- _Directions for this task_: Taking the line with "(* Gauss's duplication" as the first and the line with "(0, 1] splits" as the last, set down exactly every line in that range from the entries below, and no more.

..........

(* Take $\Omega=(0,\infty)$. For any $\delta\in(0,1]$ and any interval $(\alpha,\beta]$ with $0\le\alpha<\beta\le1$, there exist a non-negative integer $m$ and intervals $I,J_1,\dots,J_m$ such that $$(\alpha,\beta]\preceq I\cup J_1\cup\dots\cup J_m,$$ $I\subseteq(0,\delta/2]$, $J_i\subseteq(\delta/2,1]$ for each $1\le i\le m$, and the lengths satisfy $$|I|+\sum_{i=1}^m|J_i|=\beta-\alpha,\qquad |I|>\frac{\delta}{4}(\beta-\alpha).$$
   Context: Let $\Omega$ be either $(0,\infty)$ or $D=\mathbb{C}\setminus\{0,-1,-2,\dots\}$. An admissible instance (relative to $\Omega$) is one of the following finite lists of points, all entries of which are required to lie in $\Omega$: (i) $(z+1,\,z)$ for $z\in\Omega$ with $z+1\in\Omega$ (corresponding to the identity $\Gamma(z+1)=z\Gamma(z)$); (ii) $(z,\,1-z)$ for $z\in\Omega\setminus\mathbb{Z}$ with $1-z\in\Omega$ (corresponding to $\Gamma(z)\Gamma(1-z)=\pi/\sin(\pi z)$); (iii) for an integer $n\ge 2$, $\big(z,\,\tfrac{z}{n},\,\tfrac{z+1}{n},\dots,\tfrac{z+n-1}{n}\big)$ (corresponding to Gauss's multiplication formula $(2\pi)^{(n-1)/2}n^{1/2-z}\Gamma(z)=\prod_{j=0}^{n-1}\Gamma(\tfrac{z+j}{n})$). For $B\subseteq\Omega$, a point $p\in\Omega$ is obtained from $B$ in one step if there is an admissible instance in which $p$ occurs exactly once as an entry and every other entry lies in $B$. Set $B_0=B$, $B_{i+1}=B_i\cup\{p: p \text{ obtained from } B_i \text{ in one step}\}$, and $\mathrm{Cl}_\Omega(B)=\bigcup_{i\ge0}B_i$ (the set of points at which the value of $\Gamma$ is determined by its values on $B$ via finitely many applications of the identities). For $A,B\subseteq\Omega$ write $A\preceq B$ if $A\subseteq \mathrm{Cl}_\Omega(B)$. A set $S\subseteq\Omega$ is a fundamental set (for $\Gamma$ on $\Omega$) if $\mathrm{Cl}_\Omega(S)=\Omega$. $|I|$ denotes the length of an interval $I$. *)

From Stdlib Require Import Reals List Lra.
Import ListNotations.
Open Scope R_scope.

Definition OmegaPos (x : R) : Prop := 0 < x.

Definition admissible (Om : R -> Prop) (l : list R) : Prop :=
  Forall Om l /\
  ( (exists z : R, l = [z + 1; z])
    \/ (exists z : R, (~ exists k : Z, z = IZR k) /\ l = [z; 1 - z])
    \/ (exists (n : nat) (z : R), (2 <= n)%nat /\
          l = z :: map (fun j : nat => (z + INR j) / INR n) (seq 0 n)) ).

Definition once_others_in (B : R -> Prop) (p : R) (l : list R) : Prop :=
  exists l1 l2 : list R,
    l = l1 ++ p :: l2 /\ ~ In p l1 /\ ~ In p l2 /\ Forall B (l1 ++ l2).

Definition one_step (Om : R -> Prop) (B : R -> Prop) (p : R) : Prop :=
  Om p /\ exists l, admissible Om l /\ once_others_in B p l.

Fixpoint Biter (Om : R -> Prop) (B : R -> Prop) (i : nat) : R -> Prop :=
  match i with
  | O => B
  | S i' => fun p => Biter Om B i' p \/ one_step Om (Biter Om B i') p
  end.

Definition Cl (Om : R -> Prop) (B : R -> Prop) (p : R) : Prop :=
  exists i : nat, Biter Om B i p.

Definition preceq (Om : R -> Prop) (A B : R -> Prop) : Prop :=
  forall x, A x -> Cl Om B x.

Record interval := mkInterval {
  lo : R; hi : R; lo_closed : bool; hi_closed : bool }.

Definition well_formed (I : interval) : Prop := lo I <= hi I.

Definition in_interval (I : interval) (x : R) : Prop :=
  (if lo_closed I then lo I <= x else lo I < x) /\
  (if hi_closed I then x <= hi I else x < hi I).

Definition ilength (I : interval) : R := hi I - lo I.

Definition subset (A B : R -> Prop) : Prop := forall x, A x -> B x.

Definition union_intervals (I : interval) (Js : list interval) (x : R) : Prop :=
  in_interval I x \/ exists J, In J Js /\ in_interval J x.

Definition sum_lengths (Js : list interval) : R :=
  fold_right (fun J s => ilength J + s) 0 Js.

Definition half_open (a b : R) (x : R) : Prop := a < x <= b.

From Stdlib Require Import Reals List Lra Lia.
Import ListNotations.
Open Scope R_scope.

(* Gauss's duplication formula, i.e. the instance
   (z, z/2, (z+1)/2) of the multiplication formula with n = 2, shows that
   the value of Gamma at z > 0 is determined by its values at z/2 and
   (z+1)/2.  Applying this k times to a point of (a, b] ⊆ (0, 1] splits
   (a, b] into the "core" (a/2^k, b/2^k] and the k "tails"
   ((a/2^i + 1)/2, (b/2^i + 1)/2], i < k, which all lie in [1/2, 1];
   the core has length (b - a)/2^k and the lengths add up to b - a.
   Choosing k least with 2 beta <= 2^k delta puts the core inside
   (0, delta/2] while keeping 2^k delta < 4, i.e. |core| > delta/4 (b - a). *)

Lemma Biter_succ (B : R -> Prop) (i : nat) (x : R) :
  Biter OmegaPos B i x -> Biter OmegaPos B (S i) x.
Proof. now left. Qed.

Lemma Biter_mono (B : R -> Prop) (i j : nat) (x : R) :
  (i <= j)%nat -> Biter OmegaPos B i x -> Biter OmegaPos B j x.
Proof.
  induction 1 as [|j _ IH]; intro Hx; [exact Hx | now apply Biter_succ, IH].
Qed.

Lemma Cl_base (B : R -> Prop) (x : R) : B x -> Cl OmegaPos B x.
Proof. now exists 0%nat. Qed.

(* Duplication as a single admissible step: for z > 0 with z <> 1, the
   point z occurs exactly once in (z, z/2, (z+1)/2). *)
Lemma duplication_step (B : R -> Prop) (z : R) :
  0 < z -> z <> 1 -> B (z / 2) -> B ((z + 1) / 2) -> one_step OmegaPos B z.
Proof.
  intros Hz Hz1 Hhalf Hshift.
  split; [exact Hz|].
  exists [z; z / 2; (z + 1) / 2]; split.
  - split.
    + repeat constructor; unfold OmegaPos; lra.
    + right; right; exists 2%nat, z; split; [lia|].
      simpl; repeat f_equal; field.
  - exists [], [z / 2; (z + 1) / 2]; repeat split.
    + intros [].
    + intros [H | [H | []]]; lra.
    + repeat constructor; assumption.
Qed.

(* Cl is closed under duplication; at z = 1 the point (z+1)/2 is z itself. *)
Lemma Cl_duplication (B : R -> Prop) (z : R) :
  0 < z -> Cl OmegaPos B (z / 2) -> Cl OmegaPos B ((z + 1) / 2) ->
  Cl OmegaPos B z.
Proof.
  intros Hz [i Hi] [j Hj].
  destruct (Req_dec z 1) as [-> | Hz1].
  - exists j; replace 1 with ((1 + 1) / 2) by field; exact Hj.
  - exists (S (Nat.max i j)); right.
    apply duplication_step; try assumption.
    + apply (Biter_mono B i); [lia | exact Hi].
    + apply (Biter_mono B j); [lia | exact Hj].
Qed.

Definition oc (a b : R) : interval := mkInterval a b false true.

Definition core (k : nat) (a b : R) : interval := oc (a / 2 ^ k) (b / 2 ^ k).

(* The tails ((a/2^i + 1)/2, (b/2^i + 1)/2] for i < k, split off by the
   successive duplications. *)
Fixpoint tails (k : nat) (a b : R) : list interval :=
  match k with
  | O => []
  | S k' => oc ((a + 1) / 2) ((b + 1) / 2) :: tails k' (a / 2) (b / 2)
  end.

Lemma pow2_pos (k : nat) : 0 < 2 ^ k.
Proof. apply pow_lt; lra. Qed.

Lemma core_halve (k : nat) (a b : R) : core k (a / 2) (b / 2) = core (S k) a b.
Proof.
  unfold core, oc; pose proof (pow2_pos k); simpl; f_equal; field; lra.
Qed.

Lemma duplication_cover (k : nat) : forall (a b : R) (B : R -> Prop),
  0 <= a ->
  subset (in_interval (core k a b)) (Cl OmegaPos B) ->
  Forall (fun J => subset (in_interval J) (Cl OmegaPos B)) (tails k a b) ->
  subset (half_open a b) (Cl OmegaPos B).
Proof.
  induction k as [|k IH]; intros a b B Ha Hcore Htails z Hz.
  - apply Hcore; unfold core, in_interval; simpl; unfold Rdiv.
    rewrite Rinv_1, !Rmult_1_r; destruct Hz; split; assumption.
  - simpl in Htails; apply Forall_inv in Htails as Hfirst.
    apply Forall_inv_tail in Htails.
    apply Cl_duplication; [unfold half_open in Hz; lra | |].
    + apply (IH (a / 2) (b / 2)); [lra | | exact Htails |].
      * now rewrite core_halve.
      * unfold half_open in *; lra.
    + apply Hfirst; unfold in_interval; simpl; unfold half_open in Hz; lra.
Qed.

Lemma core_well_formed (k : nat) (a b : R) :
  a <= b -> well_formed (core k a b).
Proof.
  intro Hab; unfold well_formed, core; simpl.
  apply Rmult_le_compat_r; [left; apply Rinv_0_lt_compat, pow2_pos | exact Hab].
Qed.

Lemma tails_well_formed (k : nat) : forall a b : R,
  a <= b -> Forall well_formed (tails k a b).
Proof.
  induction k as [|k IH]; intros a b Hab; constructor.
  - unfold well_formed; simpl; lra.
  - apply IH; lra.
Qed.

Lemma core_inside (k : nat) (a b c : R) :
  0 <= a -> b <= 2 ^ k * c -> subset (in_interval (core k a b)) (half_open 0 c).
Proof.
  intros Ha Hb x [Hlo Hhi]; simpl in Hlo, Hhi; unfold half_open.
  pose proof (pow2_pos k) as Hp.
  assert (0 <= a / 2 ^ k) by (unfold Rdiv; apply Rmult_le_pos; [lra | left; apply Rinv_0_lt_compat; lra]).
  assert (b / 2 ^ k <= c).
  { apply (Rmult_le_reg_r (2 ^ k)); [exact Hp|].
    replace (b / 2 ^ k * 2 ^ k) with b by (field; lra); lra. }
  lra.
Qed.

(* For 0 <= a <= b <= 1 every tail lies in [1/2, 1] ⊆ (c/2, 1] for c <= 1. *)
Lemma tails_inside (k : nat) (c : R) : c <= 1 -> forall a b : R,
  0 <= a -> b <= 1 ->
  Forall (fun J => subset (in_interval J) (half_open (c / 2) 1)) (tails k a b).
Proof.
  intro Hc; induction k as [|k IH]; intros a b Ha Hb; constructor.
  - intros x [Hlo Hhi]; simpl in Hlo, Hhi; unfold half_open; lra.
  - apply IH; lra.
Qed.

Lemma core_length (k : nat) (a b : R) : ilength (core k a b) = (b - a) / 2 ^ k.
Proof. unfold ilength, core; simpl; field; apply pow_nonzero; lra. Qed.

Lemma core_tails_length (k : nat) : forall a b : R,
  ilength (core k a b) + sum_lengths (tails k a b) = b - a.
Proof.
  induction k as [|k IH]; intros a b.
  - unfold ilength, core; simpl; field.
  - simpl; rewrite <- core_halve; specialize (IH (a / 2) (b / 2)).
    unfold ilength at 2; simpl; lra.
Qed.

Lemma least_dyadic_bound (x : R) :
  exists k : nat, x <= 2 ^ k /\ (k = 0%nat \/ 2 ^ k < 2 * x).
Proof.
  assert (Hbound : exists n : nat, x <= 2 ^ n).
  { destruct (Pow_x_infinity 2 ltac:(rewrite Rabs_pos_eq; lra) x) as [n Hn].
    exists n; specialize (Hn n (le_n n)).
    rewrite Rabs_pos_eq in Hn; [lra | left; apply pow2_pos]. }
  destruct Hbound as [n Hn]; induction n as [|n IH].
  - exists 0%nat; auto.
  - destruct (Rle_lt_dec x (2 ^ n)) as [Hle | Hlt].
    + exact (IH Hle).
    + exists (S n); split; [exact Hn | right; simpl; lra].
Qed.

Theorem mainTheorem7 (delta alpha beta : R)
  (Hdelta : 0 < delta <= 1) (Hab : 0 <= alpha /\ alpha < beta /\ beta <= 1) :
  exists (I : interval) (Js : list interval),
    well_formed I /\ Forall well_formed Js /\
    preceq OmegaPos (half_open alpha beta) (union_intervals I Js) /\
    subset (in_interval I) (half_open 0 (delta / 2)) /\
    Forall (fun J => subset (in_interval J) (half_open (delta / 2) 1)) Js /\
    ilength I + sum_lengths Js = beta - alpha /\
    ilength I > delta / 4 * (beta - alpha).
Proof.
  destruct (least_dyadic_bound (2 * beta / delta)) as [k [Hk Hmin]].
  pose proof (pow2_pos k) as Hp.
  assert (Hfits : beta <= 2 ^ k * (delta / 2)).
  { apply (Rmult_le_compat_r delta) in Hk; [|lra].
    replace (2 * beta / delta * delta) with (2 * beta) in Hk by (field; lra); lra. }
  assert (Hsmall : 2 ^ k * delta < 4).
  { destruct Hmin as [-> | Hmin]; [simpl; lra|].
    apply (Rmult_lt_compat_r delta) in Hmin; [|lra].
    replace (2 * (2 * beta / delta) * delta) with (4 * beta) in Hmin by (field; lra).
    lra. }
  exists (core k alpha beta), (tails k alpha beta).
  split; [|split; [|split; [|split; [|split; [|split]]]]].
  - apply core_well_formed; lra.
  - apply tails_well_formed; lra.
  - apply (duplication_cover k alpha beta); [lra | |].
    + intros x Hx; apply Cl_base; now left.
    + apply Forall_forall; intros J HJ x Hx; apply Cl_base; right; eauto.
  - apply core_inside; lra.
  - apply tails_inside; lra.
  - apply core_tails_length.
  - rewrite core_length; apply (Rmult_lt_reg_r (2 ^ k)); [exact Hp|].
    replace ((beta - alpha) / 2 ^ k * 2 ^ k) with (beta - alpha) by (field; lra).
    replace (delta / 4 * (beta - alpha) * 2 ^ k)
      with (2 ^ k * delta * (beta - alpha) / 4) by field.
    assert (0 < beta - alpha) by lra; nra.
Qed.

..........

- _Response to this task_:
(* Gauss's duplication formula, i.e. the instance
   (z, z/2, (z+1)/2) of the multiplication formula with n = 2, shows that
   the value of Gamma at z > 0 is determined by its values at z/2 and
   (z+1)/2.  Applying this k times to a point of (a, b] ⊆ (0, 1] splits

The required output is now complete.